Route B — LLM agents with feedback (corroboration arm, smaller)¶
- LLM-backed agents receive payoff history and governance state in-context, prompted to adjust strategy.
- Framed as corroboration of the RL primary arm, not powered to the same depth.
Measurements¶
Per condition (overlaid on static):
- Toxicity
E[1−p | accepted], welfare, interaction volume, pass rate. Five seeds, mean ± std. - Toxicity–welfare frontier per adaptivity level (deliverable figure).
- Realized generation quality over epochs — does the underlying
Δtaskdistribution rise underρ? - Participation-suppression decomposition — split toxicity change into: (a) shift in accepted-quality, (b) shrinkage of the accepted set.
- Evasion detection (fully-adaptive condition only) — gap between
v̂and held-out external/judge-rated quality. - Convergence diagnostics — learning curves, policy stability across seeds.
Critical confound¶
When toxicity drops in an adaptive condition, three causes are indistinguishable without external signal:
- Agents genuinely generate higher-quality interactions. (governance worked)
- Agents reject more low-quality interactions. (filtering — weaker)
- Agents game the proxy:
v̂rises while true quality stays flat. (governance defeated — the dangerous failure)
The decomposition separates (1) from (2). Distinguishing (1) from (3) requires an external quality measure the agents cannot game, supplied by the calibration study on a sample of accepted interactions. This study must not be interpreted without that anchor.
Outcomes and what each buys¶
- Bent Pareto frontier under adaptive-generation, verified externally (cause 1): headline result. Static non-result is an artifact of non-adaptive agents. Promote to primary contribution.

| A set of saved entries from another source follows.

Lemma inner_v_drift k i xp vc : (k < n)%N ->
  enorm (vc - v) <= k%:R * (drift / n%:R) ->
  enorm ((n%:R)^-1 *: (g i (xp - gamma *: vc) - g i xp) + vc - v)
    <= k.+1%:R * (drift / n%:R).
Proof.
move=> lt_kn Ev.
have vc_le : enorm vc <= enorm v + drift.
  rewrite -[vc](subrK v) addrC (le_trans (ler_enormD _ _)) // lerD2l (le_trans Ev) //.
  by rewrite mulrA ler_pdivrMr // mulrC ler_wpM2l // ler_nat ltnW.
have jump : enorm ((n%:R)^-1 *: (g i (xp - gamma *: vc) - g i xp)) <= drift / n%:R.
  rewrite enormZ ger0_norm ?invr_ge0 ?ler0n // mulrC ler_wpM2r ?invr_ge0 ?ler0n //.
  rewrite (le_trans (g_lip _ _ _)) // addrC addKr enormN enormZ ger0_norm //.
  rewrite [L * (_ * _)]mulrA (le_trans (ler_wpM2l Lgamma_ge0 vc_le)) //.
  have : 0 <= 1 - 2 * (L * gamma) by rewrite subr_ge0.
  by move/(mulr_ge0 (mulr_ge0 Lgamma_ge0 (enorm_ge0 v))); nra.
rewrite -addrA -natr1 mulrDl mul1r addrC (le_trans (ler_enormD _ _)) //.
exact: lerD.
Qed.

Lemma inner_x_drift k xc v' :
  enorm (xc - (x0 - (k.+1%:R * gamma) *: v)) <= k.+1%:R * gamma * drift ->
  enorm (v' - v) <= drift ->
  enorm (xc - gamma *: v' - (x0 - (k.+2%:R * gamma) *: v)) <= k.+2%:R * gamma * drift.
Proof.
move=> Ex Ev'.
have -> : xc - gamma *: v' - (x0 - (k.+2%:R * gamma) *: v) =
    (xc - (x0 - (k.+1%:R * gamma) *: v)) - gamma *: (v' - v).
  by rewrite -(natr1 k.+1); apply/rowP => j; rewrite !mxE; ring.
rewrite (le_trans (ler_enormB _ _)) // enormZ ger0_norm // -(natr1 k.+1).
by have := ler_wpM2l gamma_ge0 Ev'; lra.
Qed.

Lemma inner_vt_drift k i xc vt (s : vec) :
  enorm (k%:R *: vt - s) <= k%:R * (2 * L * (n%:R + 1) * gamma * enorm v) ->
  enorm (xc - x0) <= 2 * (n%:R + 1) * gamma * enorm v ->
  enorm (k.+1%:R *: (((k.+1%:R - 1) / k.+1%:R) *: vt + (k.+1%:R)^-1 *: g i xc)
         - (s + g i x0)) <= k.+1%:R * (2 * L * (n%:R + 1) * gamma * enorm v).
Proof.
move=> Evt Ex.
have k1_neq0 : k.+1%:R != 0 :> R by rewrite pnatr_eq0.
have -> : k.+1%:R *: (((k.+1%:R - 1) / k.+1%:R) *: vt + (k.+1%:R)^-1 *: g i xc)
    - (s + g i x0) = (k%:R *: vt - s) + (g i xc - g i x0).
  rewrite scalerDr !scalerA mulfV // scale1r mulrC divfK // -natr1 addrK.
  by rewrite opprD addrACA.
rewrite (le_trans (ler_enormD _ _)) // -natr1 mulrDl mul1r lerD //.
rewrite (le_trans (g_lip _ _ _)) // (le_trans (ler_wpM2l L_ge0 Ex)) //; lra.
Qed.

Lemma epoch_inv_step k (lt_kn : (k < n)%N) st : epoch_inv k st ->
  epoch_inv k.+1 (nfg_inner_step g gamma (p (Ordinal lt_kn)) k.+1 st).
Proof.
case: st => [[[xp xc] vc] vt] inv; have Exc := epoch_inv_dist (ltnW lt_kn) inv.
case: inv => Ex Ev Ex0 Evt /=; rewrite Ex in Exc Ex0 *.
have Ev' := inner_v_drift (p (Ordinal lt_kn)) xp lt_kn Ev.
split=> //.
  apply: inner_x_drift => //; apply: le_trans Ev' _.
  by rewrite mulrA ler_pdivrMr // mulrC ler_wpM2l // ler_nat.
by rewrite take_enum_ordS big_rcons; apply: inner_vt_drift.
Qed.

Lemma epoch_inv_prefix k : (k <= n)%N ->
  epoch_inv k (foldl inner_step (x0, x0 - gamma *: v, v, 0) (take k (enum 'I_n))).
Proof.
elim: k => [_|k IH lt_kn]; first by rewrite take0; exact: epoch_inv0.
by rewrite take_enum_ordS foldl_rcons; apply: epoch_inv_step; apply: IH; apply: ltnW.
Qed.

Lemma epoch_inv_end : exists xp vc,
  epoch_inv n (xp, (nfg_epoch g gamma p (x0, v)).1, vc, (nfg_epoch g gamma p (x0, v)).2).
Proof.
have := epoch_inv_prefix (leqnn n); rewrite take_oversize ?size_enum_ord // /nfg_epoch.
by case: foldl => [[[xp xc] vc] vt] inv; exists xp, vc.
Qed.

Lemma epoch_x_bound :
  enorm ((nfg_epoch g gamma p (x0, v)).1 - (x0 - (gamma * (n%:R + 1)) *: v))
    <= gamma * (n%:R + 1) * (2 * (L * gamma) * enorm v).
Proof. by have [xp [vc [_ _ Ex _]]] := epoch_inv_end; rewrite mulrC natr1. Qed.

Lemma epoch_v_bound :
  enorm ((nfg_epoch g gamma p (x0, v)).2 - gavg g (nfg_epoch g gamma p (x0, v)).1)
    <= 4 * (L * (gamma * (n%:R + 1))) * enorm v.
Proof.
have [xp [vc inv]] := epoch_inv_end; have Exc := epoch_inv_dist (leqnn n) inv.
case: inv => _ _ _; set x' := (nfg_epoch _ _ _ _).1; set v' := (nfg_epoch _ _ _ _).2.
rewrite take_oversize ?size_enum_ord //.
have -> : \sum_(i <- enum 'I_n) g (p i) x0 = \sum_i g i x0.
  by rewrite big_enum /= [RHS](reindex_inj (@perm_inj _ p)); apply: eq_bigl => i; rewrite inE.
move=> Evt.
have Ev'0 : enorm (v' - gavg g x0) <= 2 * L * (n%:R + 1) * gamma * enorm v.
  have -> : v' - gavg g x0 = (n%:R)^-1 *: (n%:R *: v' - \sum_i g i x0).
    by rewrite /gavg scalerBr scalerA mulVf ?gt_eqF // scale1r.
  by rewrite enormZ ger0_norm ?invr_ge0 ?ler0n // ler_pdivrMl.
have E0x' := gavg_lipschitz n_gt0 x0 x' g_lip; rewrite [enorm (x0 - _)]enorm_distC in E0x'.
rewrite -[v'](subrK (gavg g x0)) -addrA (le_trans (ler_enormD _ _)) //.
by have := ler_wpM2l L_ge0 Exc; lra.
Qed.
End Epoch.

Lemma lyapunov_real (R : realFieldType) (q rho a a' W D : R) :
  0 <= q -> q <= 1/40 -> 0 <= rho -> rho <= 1/20 -> 0 <= a -> 0 <= a' ->
  (1 - 2 * q) * a <= W -> 0 <= D -> D <= 2 * q * a + 4 * rho * a' ->
  D ^+ 2 / 2 + a ^+ 2 / 25 <= (1/2 - rho) * W ^+ 2 + a' ^+ 2 / 25.
Proof.
move=> q_ge0 q_le rho_ge0 rho_le a_ge0 a'_ge0 W_ge D_ge0 D_le.
have W2 : (19/20 * a) ^+ 2 <= W ^+ 2.
  by rewrite ler_pXn2r ?nnegrE ?mulr_ge0 //; nra.
have qa : (2 * q * a) ^+ 2 <= (a / 20) ^+ 2.
  by rewrite ler_pXn2r ?nnegrE ?mulr_ge0 //; nra.
have rhoa' : (4 * rho * a') ^+ 2 <= (a' / 5) ^+ 2.
  by rewrite ler_pXn2r ?nnegrE ?mulr_ge0 //; nra.
have D2 : D ^+ 2 <= (2 * q * a + 4 * rho * a') ^+ 2.
  by rewrite ler_pXn2r ?nnegrE ?addr_ge0 ?mulr_ge0.
have := sqr_ge0 (2 * q * a - 4 * rho * a'); have := mulr_ge0 rho_ge0 (sqr_ge0 W).
rewrite !expr2 in W2 qa rhoa' D2 *; nra.
Qed.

- Toxicity falls only via filtering (cause 2): governance reshapes which interactions clear without improving the population. Report honestly; refines the framework, cautions "lower toxicity" can mean "less activity."

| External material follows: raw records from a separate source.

Definition nuvec (R : realType) (K : fieldType) (nu : K -> \bar R) (N : nat)
  (y : 'I_N -> K) : 'I_N -> \bar R := fun j => nu (y j).

Definition trop_lin (R : realType) (K : fieldType) (nu : K -> \bar R) (n : nat)
  (X : set ('I_n -> K)) (N : nat) (A : 'I_N -> 'I_n -> K) (b : 'I_N -> K) :
  set ('I_N -> \bar R) := [set nuvec nu (linmap A b p) | p in X].

(** A family indexed by linear data; only its values at linear embeddings
    matter. *)
Definition trop_family (R : realType) (K : fieldType) (n : nat) :=
  forall N : nat, ('I_N -> 'I_n -> K) -> ('I_N -> K) -> ('I_N -> \bar R).

(** Elements of the inverse limit of Trop_i(X) over the directed set G of
    linear embeddings: t_i in Trop_i(X) for every i in G, and whenever i
    dominates j via phi, t_j is the image of t_i under the map induced by phi
    (the map nu(y) |-> nu(phi(y)), well defined since phi is a torus
    homomorphism). *)
Definition in_inverse_limit (R : realType) (K : fieldType) (nu : K -> \bar R)
  (n : nat) (X : set ('I_n -> K)) (t : trop_family R K n) :=
  (forall N A b, lin_embedding X A b -> trop_lin nu X A b (t N A b)) /\
  (forall N M (A : 'I_N -> 'I_n -> K) b (A' : 'I_M -> 'I_n -> K) b'
          (C : 'I_M -> 'I_N -> K) d,
     lin_embedding X A b -> lin_embedding X A' b' -> torus_hom C d ->
     (forall p, X p -> linmap C d (linmap A b p) = linmap A' b' p) ->
     exists y : 'I_N -> K,
       nuvec nu y = t N A b /\ nuvec nu (linmap C d y) = t M A' b').

(* Given a compatible family t in the inverse limit, the fibres
   B_i = {p in X | nu(i(p)) = t_i} are nonempty, and B_i and B_j both contain
   the fibre of the concatenated embedding (i, j), which dominates i and j
   through coordinate projections.  So the fibres form a filter base; let U be
   an ultrafilter refining it.  On the fibre of the identity embedding the
   coordinates, hence all polynomials, have bounded valuation, so
   x(f) := lim_U exp(nu(f(p))) exists by compactness of a segment.  Limits
   preserve multiplicativity and the triangle inequality, and exp(nu(f_j(p)))
   is constant on B_i, so x is a point of X^an with pi_i(x) = t_i.
   Injectivity on X^cl: the translation z |-> z - p is a linear embedding,
   and it sends p, and only p, to a vector with all valuations -oo. *)

From mathcomp Require Import all_boot all_order all_algebra.
From mathcomp Require Import mpoly.
From mathcomp Require Import all_classical all_reals all_analysis.
Set Implicit Arguments. Unset Strict Implicit. Unset Printing Implicit Defensive.
Import Order.TTheory GRing.Theory Num.Theory numFieldNormedType.Exports.
Local Open Scope ring_scope.
Local Open Scope classical_set_scope.

Section ExpT.
Context (R : realType).
Implicit Types a b : \bar R.

Lemma expT_ge0 a : 0 <= expT a.
Proof. by case: a => [r| |] //=; rewrite ltW // expR_gt0. Qed.

Lemma expTD a b : a != +oo%E -> b != +oo%E ->
  expT (a + b)%E = expT a * expT b.
Proof.
by case: a => [r| |] //; case: b => [s| |] //= _ _; rewrite ?mulr0 ?mul0r ?expRD.
Qed.

Lemma le_expT a b : b != +oo%E -> (a <= b)%E -> expT a <= expT b.
Proof. by case: a => [r| |]; case: b => [s| |] //= _; rewrite ?lee_fin ?ler_expR. Qed.

Lemma expTK a : a != +oo%E -> logT (expT a) = a.
Proof.
case: a => [r| |] //= _; rewrite /logT ?eqxx //.
by rewrite gt_eqF ?expR_gt0 // expRK.
Qed.

Lemma le_fine a : a != +oo%E -> (a <= (fine a)%:E)%E.
Proof. by case: a => [r| |] //= _; rewrite leNye. Qed.

End ExpT.

Section Valuation.
Context (R : realType) (K : fieldType) (nu : K -> \bar R).
Hypothesis nuV : is_nA_valuation nu.

Lemma nu0 : nu 0 = -oo%E.
Proof. by case: nuV => h _ _ _; apply: (proj2 (h 0)). Qed.

Lemma nu_eq_ninfty a : nu a = -oo%E -> a = 0.
Proof. by case: nuV => h _ _ _; apply: (proj1 (h a)). Qed.

Lemma nu_neq_pinfty a : nu a != +oo%E.
Proof. by case: nuV. Qed.

Lemma nuM a b : nu (a * b) = (nu a + nu b)%E.
Proof. by case: nuV. Qed.

Lemma nuD_le a b (r : \bar R) :
  (nu a <= r)%E -> (nu b <= r)%E -> (nu (a + b) <= r)%E.
Proof.
case: nuV => _ _ _ /(_ a b) nuD nua nub.
by apply: le_trans nuD _; rewrite ge_max nua nub.
Qed.

Lemma expT_nuD a b : expT (nu (a + b)) <= expT (nu a) + expT (nu b).
Proof.
have [|] := leP (nu a) (nu b) => [ab | /ltW ba].
  apply: le_trans (le_expT (nu_neq_pinfty b) (nuD_le ab (lexx _))) _.
  by rewrite lerDr expT_ge0.
apply: le_trans (le_expT (nu_neq_pinfty a) (nuD_le (lexx _) ba)) _.
by rewrite lerDl expT_ge0.
Qed.

End Valuation.

Definition coordproj {K : fieldType} {N M : nat} (f : 'I_M -> 'I_N) :
  'I_M -> 'I_N -> K := fun l k => (k == f l)%:R.

Definition catf (T : Type) N1 N2 (u1 : 'I_N1 -> T) (u2 : 'I_N2 -> T) :
  'I_(N1 + N2) -> T :=
  fun j => match fintype.split j with inl j1 => u1 j1 | inr j2 => u2 j2 end.

Lemma catf_lshift (T : Type) N1 N2 (u1 : 'I_N1 -> T) (u2 : 'I_N2 -> T) j :
  catf u1 u2 (lshift N2 j) = u1 j.
Proof. by rewrite /catf (unsplitK (inl _ j)). Qed.

Lemma catf_rshift (T : Type) N1 N2 (u1 : 'I_N1 -> T) (u2 : 'I_N2 -> T) j :
  catf u1 u2 (rshift N1 j) = u2 j.
Proof. by rewrite /catf (unsplitK (inr _ j)). Qed.

Section LinearData.
Context (K : fieldType).

Lemma linmap_coordprojD N M (f : 'I_M -> 'I_N) b y l :
  linmap (coordproj f : 'I_M -> 'I_N -> K) b y l = y (f l) + b l.
Proof.
rewrite /linmap /coordproj (bigD1 (f l)) //= eqxx mul1r big1 ?addr0 //.
by move=> k /negbTE ->; rewrite mul0r.
Qed.

Lemma linmap_coordproj N M (f : 'I_M -> 'I_N) y l :
  linmap (coordproj f : 'I_M -> 'I_N -> K) (fun => 0) y l = y (f l).
Proof. by rewrite linmap_coordprojD addr0. Qed.

Lemma torus_hom_coordproj N M (f : 'I_M -> 'I_N) :
  torus_hom (coordproj f : 'I_M -> 'I_N -> K) (fun => 0).
Proof.
move=> y y' y_neq0 _; split=> [l|]; first by rewrite linmap_coordproj y_neq0.
by apply/funext => l; rewrite !linmap_coordproj.
Qed.

Lemma meval_linpoly n N (A : 'I_N -> 'I_n -> K) b p j :
  meval p (linpoly A b j) = linmap A b p j.
Proof.
rewrite /linpoly /linmap mevalD mevalC raddf_sum /=; congr (_ + _).
by apply: eq_bigr => k _; rewrite mevalM mevalC mevalXU.
Qed.

Lemma lin_embedding_translation n (X : set ('I_n -> K)) (b : 'I_n -> K) :
  lin_embedding X (coordproj id) b.
Proof.
move=> k; exists (mpolyC n (- b k) + coordz K k) => p _.
by rewrite mevalD mevalC mevalXU linmap_coordprojD addrC addrK.
Qed.

Section Concatenation.
Context (n N1 N2 : nat) (A1 : 'I_N1 -> 'I_n -> K) (b1 : 'I_N1 -> K)
  (A2 : 'I_N2 -> 'I_n -> K) (b2 : 'I_N2 -> K).

Lemma linmap_catf_lshift p j :
  linmap (catf A1 A2) (catf b1 b2) p (lshift N2 j) = linmap A1 b1 p j.
Proof. by rewrite /linmap !catf_lshift. Qed.

Lemma linmap_catf_rshift p j :
  linmap (catf A1 A2) (catf b1 b2) p (rshift N1 j) = linmap A2 b2 p j.
Proof. by rewrite /linmap !catf_rshift. Qed.

Lemma lin_embedding_catf (X : set ('I_n -> K)) :
  lin_embedding X A1 b1 -> lin_embedding X (catf A1 A2) (catf b1 b2).
Proof.
move=> emb1 k; have [g gE] := emb1 k.
exists (comp_mpoly (mktuple (fun i => coordz K (lshift N2 i))) g) => p Xp.
rewrite comp_mpoly_meval -(gE p Xp); apply: meval_eq => i.
by rewrite tnth_mktuple mevalXU linmap_catf_lshift.
Qed.

End Concatenation.

End LinearData.

Lemma pi_lin_classical (R : realType) (K : fieldType) (nu : K -> \bar R)
    (n N : nat) (A : 'I_N -> 'I_n -> K) b p :
  is_nA_valuation nu -> pi_lin A b (classical_point nu p) = nuvec nu (linmap A b p).
Proof.
move=> nuV; apply/funext => j.
by rewrite /pi_lin /classical_point meval_linpoly expTK // nu_neq_pinfty.
Qed.

Lemma pi_lin_classical_inj (R : realType) (K : fieldType) (nu : K -> \bar R)
    (n : nat) (X : set ('I_n -> K)) (p q : 'I_n -> K) :
  is_nA_valuation nu ->
  (forall N (A : 'I_N -> 'I_n -> K) b, lin_embedding X A b ->
     pi_lin A b (classical_point nu p) = pi_lin A b (classical_point nu q)) ->
  p = q.
Proof.
move=> nuV pi_pq; apply/funext => k.
have := pi_pq n _ _ (lin_embedding_translation X (fun k => - p k)).
rewrite !pi_lin_classical // => /(congr1 (fun v => v k)).
rewrite /nuvec !linmap_coordprojD subrr nu0 // => /esym/(nu_eq_ninfty nuV)/eqP.
by rewrite subr_eq0 => /eqP.
Qed.

Section BoundedValuation.
Context (R : realType) (K : fieldType) (nu : K -> \bar R).
Hypothesis nuV : is_nA_valuation nu.
Context (T : Type) (S : set T).

Definition nu_bounded (h : T -> K) :=
  exists r : R, forall p, S p -> (nu (h p) <= r%:E)%E.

- Agents game the proxy (cause 3): observable-based governance is defeated by strategic agents; connects to proxy-gaming threat model (Q2). A finding, not a failure.
- Static and adaptive curves coincide: levers are inert even under adaptation; cost-redistribution is structurally insufficient. Publishable and reframes the paper.
Pre-registered commitments¶
- Adaptation channels (1–4) are distinct conditions, reported separately.
- RL training budget is fixed in advance and reported.
- External-quality verification threshold is set before the adaptive runs.
- Failed/degenerate/non-converged runs are reported, not just converged ones.
- RL arm runs at the same five-seed depth as the static ablations.
Order of operations¶
- Calibration study (provides the external quality anchor).
- Adaptive-acceptance arm (sanity / replicates Mesa result).
- Adaptive-generation RL arm (the primary test).
- Fully-adaptive RL arm (evasion detection).
- LLM-feedback corroboration arm.
The adaptive study is not runnable in isolation — its central confound is only resolvable with the calibration study's external signal.